6.30.2021

amherst amethyst

Emily Dickinson: Her mind outshone her life.

6.29.2021

written in sand

The poet thought he held his new poetry book in his hands, but as he read it turned into a handful of sand running through his fingers.

6.28.2021

eyes glazed over

The scholar, after spending many hours annotating the text, was glossy-eyed.

6.27.2021

clear or turbid

Porson: Clear writers, like clear fountains, do not seem so deep as they are: the turbid look most profound.

—Walter Savage Landor, “Porson and Southey,” Imaginary Conversations (1882)

6.26.2021

fast or facile

Poet, be aware when words come too easily.

6.24.2021

not unless

The editor said he’d publish my poem if I would agree to strike the last line. I replied that I’d let him publish my poem that way if he’d legally change his name to Notable Dolt.

6.22.2021

constant threat

A poem that threatened line by line to turn into a different genre.

6.21.2021

passage lodged

We call them ‘passages’ in literature yet some lodge themselves inside of us for the remainder of our lives.

vision not recognition

The purpose of the image is not to draw our understanding closer to that which this image stands for, but rather to allow us to perceive the object in a special way, in short, to lead us to a 'vision' of this object rather than mere 'recognition'.

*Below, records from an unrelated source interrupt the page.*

(* Let $(\mathcal A,X,\alpha)$ be a PTS of type $\diamond\in\{0,*,\omega,\infty\}$. For every $x\in X$ the defining equations of the trace determine a well-defined $\sigma$-finite pre-measure $\mathbf{tr}(x):\mathcal S_\diamond\to[0,1]$, and its unique extension to a measure on $\sigma(\mathcal S_\diamond)$ is a sub-probability measure; for $\diamond\in\{\omega,\infty\}$ it is a probability measure.
   Context: $\mathcal A$ is a finite alphabet with $\sigma$-algebra $\mathcal P(\mathcal A)$; $\mathbf 1=\{\checkmark\}$; products carry product $\sigma$-algebras and disjoint unions the disjoint-union $\sigma$-algebra. $\mathbb S(Y)$ / $\mathbb P(Y)$: sub-probability / probability measures on $\Sigma_Y$, measurable structure generated by evaluation maps $P\mapsto P(S)$. A PTS of type $\diamond$ is $(\mathcal A,X,\alpha)$ with $X$ a measurable space and $\alpha$ a measurable map $X\to\mathbb S(\mathcal A\times X)$ (type $0$), $X\to\mathbb S(\mathcal A\times X+\mathbf 1)$ (type $*$), $X\to\mathbb P(\mathcal A\times X)$ (type $\omega$), $X\to\mathbb P(\mathcal A\times X+\mathbf 1)$ (type $\infty$). $\mathbf P_a(x,S):=\alpha(x)(\{a\}\times S)$ for $S\in\Sigma_X$. Words: $\mathcal A^*,\mathcal A^\omega$ finite/infinite words, $\mathcal A^\infty=\mathcal A^*\cup\mathcal A^\omega$, $\mathcal A^0:=\emptyset$ for type $0$ (carrier), $\sqsubseteq$ prefix; $C_\omega(u)=\{v\in\mathcal A^\omega:u\sqsubseteq v\}$, $C_\infty(u)=\{v\in\mathcal A^\infty:u\sqsubseteq v\}$. Semirings: $\mathcal S_0=\{\emptyset\}$ on $\emptyset$, $\mathcal S_*=\{\emptyset\}\cup\{\{u\}:u\in\mathcal A^*\}$, $\mathcal S_\omega=\{\emptyset\}\cup\{C_\omega(u):u\in\mathcal A^*\}$, $\mathcal S_\infty=\{\emptyset\}\cup\{\{u\}\}_{u\in\mathcal A^*}\cup\{C_\infty(u)\}_{u\in\mathcal A^*}$. Trace equations: $\mathbf{tr}(x)(\emptyset)=0$; for $\diamond\in\{*,\infty\}$: $\mathbf{tr}(x)(\{\epsilon\})=\alpha(x)(\mathbf 1)$ and $\mathbf{tr}(x)(\{au\})=\int_{x'\in X}\mathbf{tr}(x')(\{u\})\,d\mathbf P_a(x,x')$; for $\diamond\in\{\omega,\infty\}$: $\mathbf{tr}(x)(C_\diamond(\epsilon))=1$ and $\mathbf{tr}(x)(C_\diamond(au))=\int_{x'\in X}\mathbf{tr}(x')(C_\diamond(u))\,d\mathbf P_a(x,x')$, for all $a\in\mathcal A$, $u\in\mathcal A^*$. A pre-measure on a semiring is a map into $[0,\infty]$ vanishing on $\emptyset$ and $\sigma$-additive (on countable disjoint families whose union lies in the semiring); $\sigma$-finite means some countable cover by members of finite measure exists. *)

From HB Require Import structures.
From mathcomp Require Import all_boot all_order all_algebra.
From mathcomp Require Import all_classical all_reals all_analysis.
From mathcomp Require Import measurable_realfun.

Set Implicit Arguments.
Unset Strict Implicit.
Unset Printing Implicit Defensive.
Import Order.TTheory GRing.Theory Num.Theory.

Local Open Scope classical_set_scope.
Local Open Scope ring_scope.
Local Open Scope ereal_scope.

(* The measurable space  A x X + 1  (A finite with the discrete sigma-algebra *)
(* P(A), product sigma-algebra on A x X, disjoint-union sigma-algebra with   *)
(* the one-point space 1 = {checkmark}).  It is represented on the type      *)
(* option (A * X): [Some (a, x)] is (a, x) in A x X and [None] is checkmark. *)
(* Since A is finite and carries P(A), a set S is measurable iff every       *)
(* section [set x | S (Some (a, x))] is measurable in X (no constraint on    *)
(* the None part, since 1 carries its power set).                            *)

Definition pts_space (A : Type) (X : Type) := option (A * X).

Section pts_space_instance.
Context (A : finType) (d : measure_display) (X : measurableType d).

Definition pts_measurable : set (set (pts_space A X)) :=
  [set S | forall a : A, measurable [set x : X | S (Some (a, x))]].

Lemma pts_measurable0 : pts_measurable set0.
Proof. by move=> a; rewrite [X in measurable X](_ : _ = set0). Qed.

Lemma pts_measurableC S : pts_measurable S -> pts_measurable (~` S).
Proof.
move=> mS a.
rewrite [X in measurable X](_ : _ = ~` [set x : X | S (Some (a, x))]) //.
exact: measurableC.
Qed.

Lemma pts_measurableU (F : (set (pts_space A X))^nat) :
  (forall i, pts_measurable (F i)) -> pts_measurable (\bigcup_i F i).
Proof.
move=> mF a.
rewrite [X in measurable X](_ : _ = \bigcup_i [set x : X | F i (Some (a, x))]).
  by apply: bigcupT_measurable => i; exact: mF.
by apply/seteqP; split => x /= [i _ Fi]; exists i.
Qed.

HB.instance Definition _ := Pointed.copy (pts_space A X) (option (A * X)).
HB.instance Definition _ := @isMeasurable.Build default_measure_display
  (pts_space A X) pts_measurable pts_measurable0 pts_measurableC
  pts_measurableU.

End pts_space_instance.

(*   A^0 := empty (type void), A^* = seq A, A^omega = nat -> A,              *)
(*   A^infty = A^* + A^omega  (inl = finite word, inr = infinite word).       *)

Section words.
Context (A : finType).

Definition inf_word := (seq A + (nat -> A))%type.

Definition cyl_omega (u : seq A) : set (nat -> A) :=
  [set v | mkseq v (size u) = u].

Definition cyl_inf (u : seq A) : set inf_word :=
  [set w | match w with
           | inl v => prefix u v
           | inr v => mkseq v (size u) = u
           end].

Definition S_zero : set (set void) := [set s | s = set0].

Definition S_star : set (set (seq A)) :=
  [set s | s = set0 \/ exists u : seq A, s = [set u]].

Definition S_omega : set (set (nat -> A)) :=
  [set s | s = set0 \/ exists u : seq A, s = cyl_omega u].

Definition S_inf : set (set inf_word) :=
  [set s | s = set0 \/ (exists u : seq A, s = [set inl u])
                    \/ (exists u : seq A, s = cyl_inf u)].

End words.

Section measure_notions.
Context (R : realType) (W : Type).

Definition premeasure_on (S : set (set W)) (m : set W -> \bar R) : Prop :=
  [/\ m set0 = 0,
      (forall s, S s -> 0 <= m s) &
      (forall F : nat -> set W, (forall n, S (F n)) -> trivIset setT F ->
         S (\bigcup_n F n) ->
         (fun n => \sum_(0 <= k < n) m (F k)) @ \oo --> m (\bigcup_n F n))].

Definition sigma_finite_on (S : set (set W)) (m : set W -> \bar R) : Prop :=
  exists F : nat -> set W, [/\ (forall n, S (F n)),
                               (forall n, m (F n) < +oo) &
                               \bigcup_n F n = setT].

(* measure on the sigma-algebra Sig (a family of sets closed under countable *)
(* unions, so no union condition is needed)                                  *)
Definition measure_on (Sig : set (set W)) (mu : set W -> \bar R) : Prop :=
  [/\ mu set0 = 0,
      (forall s, Sig s -> 0 <= mu s) &
      (forall F : nat -> set W, (forall n, Sig (F n)) -> trivIset setT F ->
         (fun n => \sum_(0 <= k < n) mu (F k)) @ \oo --> mu (\bigcup_n F n))].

Viktor Shklovsky, Theory of Prose (Dalkey Archive Press, 1991), trans. by Benjamin Sher.

6.19.2021

fixed and unfixed

Poem as a dynamic array of words

6.17.2021

bad map

We can’t expect the poem to be a guidebook, think of it as more like a badly drawn map.

6.15.2021

noun's act

Are not some verbs merely the familiar actions of nouns?

6.14.2021

hold firm

I’d rather write a poem that remains important to me, than make a change that feels inauthentic.

6.13.2021

shove over

Don’t worry how the poem will sit with the audience.

6.12.2021

critical compliment

Miss Moore has great limitations—her work is one long triumph of them; but it was sad, for so many years, to see them and nothing else insisted upon, and Miss Moore neglected for poets who ought not to be allowed to throw elegies in her grave.

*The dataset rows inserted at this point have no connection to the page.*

(* For $1\le i<r$, \[ C_{i+1,r}(a)=C_{i,r}(a)+\sum_{k=r-i+1}^{r-1}C_{r-i+1,k}(a)\,C_{r-k,r-k}(a)-\sum_{k=i}^{r-1}C_{i,k}(a)\,C_{r-k,r-k}(a) \] as polynomials in $a$.
   Context: Bernoulli polynomials $B_n(a)$: $\sum_{n\ge0}B_n(a)x^n/n!=xe^{ax}/(e^x-1)$. For $1\le i\le r$, let $S_{i,r}$ be the set of $(n_1,\dots,n_r)\in\mathbb Z_{\ge0}^r$ with $n_1+\dots+n_r=r$, $n_1+\dots+n_j<j$ ($1\le j<i$), and $n_{j+1}+\dots+n_r\le r-j$ ($i\le j<r$), and set $C_{i,r}(a)=(-1)^r\sum_{(n_1,\dots,n_r)\in S_{i,r}}\prod_{j=1}^r\frac{B_{n_j}(a)}{n_j!}$. (These are the asymptotic coefficients at the origin of the Hurwitz multiple zeta function with all parameters equal to $a$.) *)

From HB Require Import structures.
From mathcomp Require Import all_boot all_order all_algebra.
Unset Printing Implicit Defensive.
Import Order.TTheory GRing.Theory Num.Theory.
Local Open Scope ring_scope.

(* The generating function
   sum_n B_n(a) x^n/n! = x e^{ax}/(e^x-1), i.e.
   (sum_n B_n(a) x^n/n!) (e^x - 1) = x e^{ax}, is equivalent (comparing the
   coefficients of x^{n+1}/(n+1)!) to
     sum_{k=0}^{n} C(n+1,k) B_k(a) = (n+1) a^n      for all n >= 0,
   which determines B_n recursively:
     B_n = a^n - 1/(n+1) sum_{k<n} C(n+1,k) B_k. *)
Fixpoint bernp_seq (n : nat) : seq {poly rat} :=
  match n with
  | 0 => [:: 1]
  | m.+1 =>
      let s := bernp_seq m in
      rcons s ('X^(m.+1) - (m.+2%:R)^-1 *:
                 \sum_(k < m.+1) ('C(m.+2, k))%:R *: s`_k)
  end.

Definition bernp (n : nat) : {poly rat} := nth 0 (bernp_seq n) n.

(* S_{i,r}: tuples (n_1,...,n_r) (stored 0-based as n : 'I_r -> nat;
   entries are bounded by r since they sum to r) with
   n_1+...+n_r = r,
   n_1+...+n_j < j           for 1 <= j < i,
   n_{j+1}+...+n_r <= r - j  for i <= j < r. *)
Definition inS (i r : nat) (n : {ffun 'I_r -> 'I_r.+1}) : bool :=
  [&& (\sum_(l < r) (n l : nat) == r)%N,
      [forall j : 'I_r, ((1 <= j) && (j < i))%N ==>
         (\sum_(l < r | (l < j)%N) (n l : nat) < j)%N]
    & [forall j : 'I_r, ((1 <= j) && (i <= j))%N ==>
         (\sum_(l < r | (j <= l)%N) (n l : nat) <= r - j)%N]].

Definition Ccoef (i r : nat) : {poly rat} :=
  (-1) ^+ r * \sum_(n : {ffun 'I_r -> 'I_r.+1} | inS i r n)
                \prod_(j < r) (((n j)`!)%:R^-1 *: bernp (n j)).

From HB Require Import structures.
From mathcomp Require Import all_boot all_order all_algebra.
From mathcomp Require Import zify.
Import Order.TTheory GRing.Theory Num.Theory.

(* Read a tuple (n_1, ..., n_r) as a lattice path with heights
   p_j = n_1 + ... + n_j: S_{i,r} consists of the paths of total height r that
   stay strictly below the diagonal at steps 1, ..., i - 1 and weakly above it
   from step i on.  Let G(a, b) be the sum over S_{a+1,a+b+1} of the weights
   prod_j w(n_j) (here w(m) = B_m/m!, but any weights work), and Z(a, b) the
   same sum with the strict inequalities relaxed.  Three bijections give
   - Z(a, b) = Z(b, a), by reversing the path;
   - Z(a, b) = G(a, b) + sum_{c<a} G(c, 0) Z(a-1-c, b), by cutting the path at
     its first return to the diagonal;
   - G(a, b) = G(b+1, a-1) for a >= 1, by keeping the first step (necessarily
     0) and reversing the others.
   Expanding with the second identity twice and using the first shows that
   G(a, b) + sum_{j<a} G(b, j) G(a-1-j, 0) is symmetric in a and b; with the
   third identity this is exactly the recurrence, up to the sign (-1)^r. *)

Fixpoint bounded_seqs (r M : nat) : seq (seq nat) :=
  if r is r'.+1 then [seq x :: s | x <- iota 0 M, s <- bounded_seqs r' M] else [:: [::]].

Randall Jarrell on Marianne Moore, Poetry and the Age (1953).

Above quote encountered in Viscous Nonsense: Quips, Snubs and Jabs by Literary Friends and Foes (Princeton Architectural Press, 2021) edited by Kristen Hewitt.

6.11.2021

absorbing all opinion

The long idiolectic poem that many poets claimed to know, confident that nothing they would say about the poem could be contradicted by evidence from the text.

6.10.2021

close reading

Close reading: Trying to be in the room where the poem happened.

6.09.2021

longer and harder

Avant-garde poets try to outdo one another in writing the longest and least engageable poem.

[After reading a review of Nate Mackey’s 976 page book.]

6.08.2021

distinct and uncertain

Poems are often like voices carrying over water, both distinct and uncertain when heard.

6.06.2021

no kink

I hung about town the whole month of June because of the introduction I was writing to my Shakespeare translations. I was terribly afraid to get stuck in the muddle of pseudo-scholarly verbosity which every great centuries-old theme gathers round it and of only adding to this tangled skein a kind of modified kink. Imagine, it did not happen! I succeeded in saying in very simple and comprehensible words a great deal about Shakespeare that I learned when I was translating him, and all this on one printer’s sheet!

—Boris Pasternak, in a letter to S. I Chikovani, 15 March 1946
Letters to Georgian Friends, translated from the Russian with an introduction and notes by David Magarshack (Seckler & Warburg, 1967)

saved you from the poem

Be thankful the editor had the good sense to not publish your poem.

6.05.2021

make it sing

Poet, take pains to make it sing.

6.04.2021

loose talk

Literature: loose talk transcribed.

6.03.2021

breathe the world in

Colette was a lifewatcher. To look she used all her senses at once—she heard, she touched, she breathed the world in, she stared with intense care, fixedly, like a cat, hypnotized.

Regardé, the last word Colette uttered before she died, was her living word for l’amour, la vie, le monde.

—Helen Bevington, “Colette and the Word RegardéBeautiful Lofty People (Harcourt Brace, 1974))

6.02.2021

wow and yes

Nothing better than a last line that is both unexpected and inevitable.